> What the exercise asks
A single number is wanted: how many lines of the data include the string "mcoeffZ".

> Data supplied
Lemma sharpL_formulaM x y p r : hom p x -> hom r y ->
  sharpL_formula x p -> sharpL_formula y r -> sharpL_formula (x * y) (p + r).
Proof.
move=> x_hom y_hom x_formula y_formula; rewrite /sharpL_formula.
have sLD := linear_funD (sL_linear w); have sLZ := scalable_linear (sL_linear w).
rewrite (sL_mul x_hom y_hom w_hom) (linear_funD D_linear) !(scalable_linear D_linear).
rewrite (D_leibniz _ (sL_hom x_hom w_hom)) (D_leibniz _ x_hom) x_formula y_formula.
rewrite (D_leibniz _ x_hom) sLD sLZ (sL_mul (D_hom x_hom) y_hom w_hom).
rewrite (sL_mul x_hom (D_hom y_hom) w_hom) (sL_mul x_hom y_hom (D_hom w_hom)).
alg_expand; rewrite (mulrC r q); sgn_expand.
(* What remains needs sgn p ^+ 2 = 1 and sgn r ^+ 2 = 1, invisible to [ring]. *)
by have [->|->] := sgn_pm1 K p; have [->|->] := sgn_pm1 K r; module_ring.
Qed.

End LeftSharp.

Section RightSharp.
Variable sR : A -> A -> A.
Hypothesis sR_linear : forall a, linear (sR a).
Hypothesis sR1 : forall a, sR a 1 = 0.
Hypothesis sR_hom : forall p q a y, hom p a -> hom q y -> hom (p + q - 1) (sR a y).
Hypothesis sR_mul : forall p r a y z, hom p a -> hom r y ->
  sR a (y * z) = sR a y * z + sgn ((p + 1) * r) *: (y * sR a z).
Variables (v : A) (p : int).
Hypothesis v_hom : hom p v.

Definition sharpR_formula b q := D (sR v b) = v * b - sgn (p * q) *: (b * v)
  - sR (D v) b - sgn p *: sR v (D b).

Lemma sharpR_formula1 : sharpR_formula 1 0.
Proof.
rewrite /sharpR_formula derivation1 sR1 (linear_fun0 (sR_linear v)) sR1.
rewrite (linear_fun0 D_linear) mulr1 mul1r mulr0 sgn0 scale1r scaler0.
by rewrite subrr !subr0.
Qed.

Lemma sharpR_formulaM y z r s : hom r y -> hom s z ->
  sharpR_formula y r -> sharpR_formula z s -> sharpR_formula (y * z) (r + s).
Proof.
move=> y_hom z_hom y_formula z_formula; rewrite /sharpR_formula.
have sRD := linear_funD (sR_linear v); have sRZ := scalable_linear (sR_linear v).
rewrite (sR_mul _ v_hom y_hom) (linear_funD D_linear) (scalable_linear D_linear).
rewrite (D_leibniz _ (sR_hom v_hom y_hom)) (D_leibniz _ y_hom) y_formula z_formula.
rewrite (sR_mul _ (D_hom v_hom) y_hom) (D_leibniz _ y_hom) sRD sRZ.
rewrite (sR_mul _ v_hom (D_hom y_hom)) (sR_mul _ v_hom y_hom).
alg_expand; sgn_expand.
by have [->|->] := sgn_pm1 K p; have [->|->] := sgn_pm1 K r; module_ring.
Qed.

End RightSharp.

End TwistedDerivation.

Section TensorAlgebra.
Variables (K : fieldType) (I J : choiceType) (degV : I -> int) (degW : J -> int).
Local Notation tens := (tens K I J).
Local Notation letter := (letter I J).
Local Notation wrd := (@wrd K I J).
Local Notation wdeg := (wdeg degV degW).
Local Notation ldeg := (ldeg degV degW).
Local Notation sgn := (sgn K).
Local Notation hom := (@homog K I J degV degW).
Local Notation sL := (sharpL degV degW).
Local Notation sR := (sharpR degV degW).

Lemma tens_scalerAr (c : K) (x y : tens) : c *: (x * y) = x * (c *: y).
Proof.
have malgC_central : x * c%:MP = c%:MP * x.
  rewrite mul_malgC malgM_def fgmulgU malgZ_def /fgscale.
  by apply: eq_bigr => k _; rewrite mulrC mulm1.
by rewrite -!mul_malgC mulrA -malgC_central mulrA.
Qed.

HB.instance Definition _ := GRing.Lalgebra.on tens.
HB.instance Definition _ := GRing.Lalgebra_isAlgebra.Build K tens tens_scalerAr.

Lemma wrd_cat s t : wrd (s ++ t) = wrd s * wrd t.
Proof.
rewrite /Defs.wrd malgM_def fgmulUU mulr1; congr << _ >>.
by apply: val_inj; rewrite /= fmM.
Qed.
Lemma wrd_nil : wrd [::] = 1.
Proof. by rewrite /Defs.wrd; congr << _ >>; apply: val_inj; rewrite /= fm1. Qed.

Lemma wrd_coef s (m : {fmonom letter}) : (wrd s)@_m = (FMonom s == m)%:R.
Proof. by rewrite /Defs.wrd mcoeffU. Qed.

Lemma sharpwLE : sharpwL K degV degW = wsharpL degV degW wrd.
Proof. by []. Qed.
Lemma sharpwRE : sharpwR K degV degW = wsharpR degV degW wrd.
Proof. by []. Qed.

Definition linw (f : seq letter -> tens) (x : tens) : tens :=
  \sum_(m <- msupp x) x@_m *: f m.

Lemma linwEw f (d : {fset {fmonom letter}}) x : (msupp x `<=` d)%fset ->
  linw f x = \sum_(m <- d) x@_m *: f m.
Proof.
move=> le_xd; rewrite /linw (big_fset_incl _ le_xd) //= => m _ /mcoeff_outdom ->.
by rewrite scale0r.
Qed.

Lemma linear_linw f : linear (linw f).
Proof.
move=> c x y; set d := (msupp x `|` msupp y)%fset.
rewrite (@linwEw f d) ?(@linwEw f d x) ?(@linwEw f d y) ?fsubsetUl ?fsubsetUr //.
  rewrite scaler_sumr -big_split /=; apply: eq_bigr => m _.
  by rewrite mcoeffD mcoeffZ scalerDl scalerA.
by apply: fsubset_trans (msuppD_le _ _) _; apply: fsetSU; exact: msuppZ_le.
Qed.

Lemma linw_wrd f s : linw f (wrd s) = f s.
Proof. by rewrite /linw /Defs.wrd msuppU1 big_seq_fset1 mcoeffUU scale1r. Qed.

Lemma linw_wrd_id x : linw wrd x = x.
Proof.
rewrite [RHS]monalgE; apply: eq_bigr => m _.
by apply/malgP => m'; rewrite mcoeffZ !mcoeffU mulr_natr fmK.
Qed.

Lemma eq_linw f g x : f =1 g -> linw f x = linw g x.
Proof. by move=> eq_fg; apply: eq_bigr => m _; rewrite eq_fg. Qed.

Lemma linwZD f g c x : linw (fun s => c *: f s + g s) x = c *: linw f x + linw g x.
Proof.
rewrite /linw scaler_sumr -big_split /=; apply: eq_bigr => m _.
by rewrite scalerDr !scalerA mulrC.
Qed.

Lemma linw0 x : linw (fun _ => 0) x = 0.
Proof. by rewrite /linw big1 // => m _; rewrite scaler0. Qed.

Lemma linear_wrd_eq (F G : tens -> tens) (P : pred (seq letter)) x :
  linear F -> linear G -> (forall s, P s -> F (wrd s) = G (wrd s)) ->
  (forall m : {fmonom letter}, ~~ P m -> x@_m = 0) -> F x = G x.
Proof.
move=> F_lin G_lin eqFG x_supp; rewrite -[x]linw_wrd_id /linw.
rewrite (linear_fun_sum _ _ _ F_lin) (linear_fun_sum _ _ _ G_lin).
apply: eq_big_seq => m; rewrite -mcoeff_neq0 => xm_neq0.
by rewrite eqFG //; apply: contraNT xm_neq0 => /x_supp ->.
Qed.

Lemma sharpL_linw x y : sL x y = linw (fun s => linw (sharpwL K degV degW s) y) x.
Proof.
rewrite /sharpL /linw; apply: eq_bigr => m1 _.
by rewrite scaler_sumr; apply: eq_bigr => m2 _; rewrite scalerA.
Qed.
Lemma sharpR_linw x y : sR x y = linw (fun s => linw (sharpwR K degV degW s) y) x.
Proof.
rewrite /sharpR /linw; apply: eq_bigr => m1 _.
by rewrite scaler_sumr; apply: eq_bigr => m2 _; rewrite scalerA.
Qed.

Lemma linear_sharpL_l b : linear (sL ^~ b).
Proof. by move=> c x y; rewrite !sharpL_linw linear_linw. Qed.
Lemma linear_sharpL_r a : linear (sL a).
Proof.
by move=> c x y; rewrite !sharpL_linw -linwZD; apply: eq_linw => s; apply: linear_linw.
Qed.
Lemma linear_sharpR_l b : linear (sR ^~ b).
Proof. by move=> c x y; rewrite !sharpR_linw linear_linw. Qed.
Lemma linear_sharpR_r a : linear (sR a).
Proof.
by move=> c x y; rewrite !sharpR_linw -linwZD; apply: eq_linw => s; apply: linear_linw.
Qed.

Lemma sharpL_wrd s t : sL (wrd s) (wrd t) = sharpwL K degV degW s t.
Proof. by rewrite sharpL_linw !linw_wrd. Qed.
Lemma sharpR_wrd s t : sR (wrd s) (wrd t) = sharpwR K degV degW s t.
Proof. by rewrite sharpR_linw !linw_wrd. Qed.

Lemma homog0 n : hom n 0.
Proof. by move=> m _; rewrite mcoeff0. Qed.
Lemma homogD n x y : hom n x -> hom n y -> hom n (x + y).
Proof. by move=> hx hy m hm; rewrite mcoeffD hx ?hy ?addr0. Qed.
Lemma homogZ n c x : hom n x -> hom n (c *: x).
Proof. by move=> hx m hm; rewrite mcoeffZ hx ?mulr0. Qed.
Lemma homog_sum n (T : Type) (r : seq T) (P : pred T) (F : T -> tens) :
  (forall i, P i -> hom n (F i)) -> hom n (\sum_(i <- r | P i) F i).
Proof. by move=> hF; apply: (big_ind (hom n)); [exact: homog0|exact: homogD|]. Qed.
Lemma homog_wrd n s : wdeg s = n -> hom n (wrd s).
Proof.
by move=> <- m; rewrite wrd_coef; case: (FMonom s =P m) => [<-|_ _ //]; rewrite eqxx.
Qed.
Lemma homog1 : hom 0 1.
Proof. by rewrite -wrd_nil; apply: homog_wrd; rewrite wdeg_nil. Qed.
Lemma homog_supp n x m : hom n x -> m \in msupp x -> wdeg m = n.
Proof.
by move=> hx; rewrite -mcoeff_neq0; apply: contraNeq => /(hx m) ->; rewrite eqxx.
Qed.
Lemma homog_linw n (f : seq letter -> tens) (x : tens) :
  (forall m : {fmonom letter}, m \in msupp x -> hom n (f m)) -> hom n (linw f x).
Proof. by move=> hf; rewrite /linw big_seq; apply: homog_sum => m /hf /homogZ. Qed.

Lemma wdeg_onth (s : seq letter) i l : onth s i = Some l ->
  wdeg s = wdeg (take i s) + ldeg l + wdeg (drop i.+1 s).
Proof.
move=> sil; have ltis : (i < size s)%N by rewrite -onthTE sil.
rewrite -{1}(cat_take_drop i s) (drop_nth l ltis) (@onth_nth _ l l s i sil).
by rewrite wdeg_cat wdeg_cons addrA.
Qed.

Lemma homog_sharpwL a b : hom (wdeg a + wdeg b - 1) (sharpwL K degV degW a b).
Proof.
apply: homog_sum => i _; apply: homog_sum => j _.
case ai: (onth a i) => [[[iv|jw]|[iv jw]]|]; try exact: homog0.
case bj: (onth b j) => [[[iv'|jw']|[iv' jw']]|]; try exact: homog0.
apply/homogZ/homog_wrd; rewrite (wdeg_onth ai) (wdeg_onth bj).
by rewrite !(wdeg_cat, wdeg_cons) /=; ring.
Qed.

Lemma homog_sharpwR a b : hom (wdeg a + wdeg b - 1) (sharpwR K degV degW a b).
Proof.
apply: homog_sum => j _; apply: homog_sum => i _.
case ai: (onth a i) => [[[iv|jw]|[iv jw]]|]; try exact: homog0.
case bj: (onth b j) => [[[iv'|jw']|[iv' jw']]|]; try exact: homog0.
apply/homogZ/homog_wrd; rewrite (wdeg_onth ai) (wdeg_onth bj).
by rewrite !(wdeg_cat, wdeg_cons) /=; ring.
Qed.

Lemma homog_sharpL p q x b : hom p x -> hom q b -> hom (p + q - 1) (sL x b).
Proof.
move=> hx hb; rewrite sharpL_linw; apply: homog_linw => m1 /(homog_supp hx) <-.
by apply: homog_linw => m2 /(homog_supp hb) <-; apply: homog_sharpwL.
Qed.
Lemma homog_sharpR p q x b : hom p x -> hom q b -> hom (p + q - 1) (sR x b).
Proof.
move=> hx hb; rewrite sharpR_linw; apply: homog_linw => m1 /(homog_supp hx) <-.
by apply: homog_linw => m2 /(homog_supp hb) <-; apply: homog_sharpwR.
Qed.

Lemma sharpLM p q r x y b : hom p x -> hom r y -> hom q b ->
  sL (x * y) b = sgn (q * r) *: (sL x b * y) + sgn p *: (x * sL y b).
Proof.
move=> hx hy hb.
apply: (linear_wrd_eq (F := fun x => sL (x * y) b)
  (G := fun x => sgn (q * r) *: (sL x b * y) + sgn p *: (x * sL y b))
  (P := fun s => wdeg s == p)) hx.
- exact: linear_comp (linear_sharpL_l b) (linear_mull y).
- exact: linear_add (linear_scale _ (linear_comp (linear_mull y) (linear_sharpL_l b)))
                    (linear_scale _ (linear_mull _)).
move=> s /eqP <-.
apply: (linear_wrd_eq (F := fun y => sL (wrd s * y) b)
  (G := fun y => sgn (q * r) *: (sL (wrd s) b * y) + sgn (wdeg s) *: (wrd s * sL y b))
  (P := fun s => wdeg s == r)) hy.
- exact: linear_comp (linear_sharpL_l b) (linear_mulr (wrd s)).
- apply: linear_add (linear_scale _ (linear_mulr _)) _.
  exact: linear_scale _ (linear_comp (linear_mulr (wrd s)) (linear_sharpL_l b)).
move=> t /eqP <-.
apply: (linear_wrd_eq (F := fun b => sL (wrd s * wrd t) b)
  (G := fun b => sgn (q * wdeg t) *: (sL (wrd s) b * wrd t)
                 + sgn (wdeg s) *: (wrd s * sL (wrd t) b))
  (P := fun s => wdeg s == q)) hb.
- exact: linear_sharpL_r.
- apply: linear_add.
    exact: linear_scale _ (linear_comp (linear_mull (wrd t)) (linear_sharpL_r (wrd s))).
  exact: linear_scale _ (linear_comp (linear_mulr (wrd s)) (linear_sharpL_r (wrd t))).
move=> u /eqP <-.
rewrite -wrd_cat !sharpL_wrd !sharpwLE.
by apply: wsharpL_cat; [exact: wrd_cat | exact: wrd_nil].
Qed.

Lemma sharpRM p r a y z : hom p a -> hom r y ->
  sR a (y * z) = sR a y * z + sgn ((p + 1) * r) *: (y * sR a z).
Proof.
move=> ha hy.
apply: (linear_wrd_eq (F := fun a => sR a (y * z))
  (G := fun a => sR a y * z + sgn ((p + 1) * r) *: (y * sR a z))
  (P := fun s => wdeg s == p)) ha.
- exact: linear_sharpR_l.
- exact: linear_add (linear_comp (linear_mull z) (linear_sharpR_l y))
                    (linear_scale _ (linear_comp (linear_mulr y) (linear_sharpR_l z))).
move=> s /eqP <-.
apply: (linear_wrd_eq (F := fun y => sR (wrd s) (y * z))
  (G := fun y => sR (wrd s) y * z + sgn ((wdeg s + 1) * r) *: (y * sR (wrd s) z))
  (P := fun s => wdeg s == r)) hy.
- exact: linear_comp (linear_sharpR_r (wrd s)) (linear_mull z).
- exact: linear_add (linear_comp (linear_mull z) (linear_sharpR_r (wrd s)))
                    (linear_scale _ (linear_mull _)).
move=> t /eqP <-.
apply: (linear_wrd_eq (F := fun z => sR (wrd s) (wrd t * z))
  (G := fun z => sR (wrd s) (wrd t) * z
                 + sgn ((wdeg s + 1) * wdeg t) *: (wrd t * sR (wrd s) z))
  (P := predT)) => //.
- exact: linear_comp (linear_sharpR_r (wrd s)) (linear_mulr (wrd t)).
- apply: linear_add (linear_mulr _) _.
  exact: linear_scale _ (linear_comp (linear_mulr (wrd t)) (linear_sharpR_r (wrd s))).
move=> u _.
rewrite -wrd_cat !sharpR_wrd !sharpwRE.
by apply: wsharpR_cat; [exact: wrd_cat | exact: wrd_nil].
Qed.

Lemma sharpL_letter l y : sL (wrd [:: l]) y = sR (wrd [:: l]) y.
Proof.
rewrite sharpL_linw sharpR_linw !linw_wrd; apply: eq_linw => t.
by rewrite sharpwLE sharpwRE wsharpL_letter.
Qed.
Lemma sharpR_letter x l : sL x (wrd [:: l]) = sR x (wrd [:: l]).
Proof.
rewrite sharpL_linw sharpR_linw; apply: eq_linw => s.
by rewrite !linw_wrd sharpwLE sharpwRE wsharpR_letter.
Qed.

Lemma sharpL1 (y : tens) : sL 1 y = 0.
Proof.
rewrite -wrd_nil sharpL_linw linw_wrd -[RHS](linw0 y); apply: eq_linw => t.
by rewrite sharpwLE wsharpL_nil.
Qed.
Lemma sharpR1 (x : tens) : sR x 1 = 0.
Proof.
rewrite -wrd_nil sharpR_linw -[RHS](linw0 x); apply: eq_linw => s.
by rewrite linw_wrd sharpwRE wsharpR_nil.
Qed.

Section DerivationOnSharp.
Variable D0 : tens -> tens.
Hypothesis D0_linear : linear D0.
Hypothesis D0_leibniz : forall n x y, hom n x -> D0 (x * y) = D0 x * y + sgn n *: (x * D0 y).
Hypothesis D0_hom : forall n x, hom n x -> hom (n + 1) (D0 x).
Hypothesis D0_sharp : forall p q v w, inV v -> hom p v -> inW w -> hom q w ->
  D0 (sR v w) = v * w - sgn (p * q) *: (w * v) - sL (D0 v) w - sgn p *: sR v (D0 w).

Lemma inV_letter i : inV (wrd [:: inl (inl i)]).
Proof. by move=> m; rewrite wrd_coef; case: (_ =P m) => [<-|_ _ //]. Qed.
Lemma inW_letter j : inW (wrd [:: inl (inr j)]).
Proof. by move=> m; rewrite wrd_coef; case: (_ =P m) => [<-|_ _ //]. Qed.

> Exercise result
3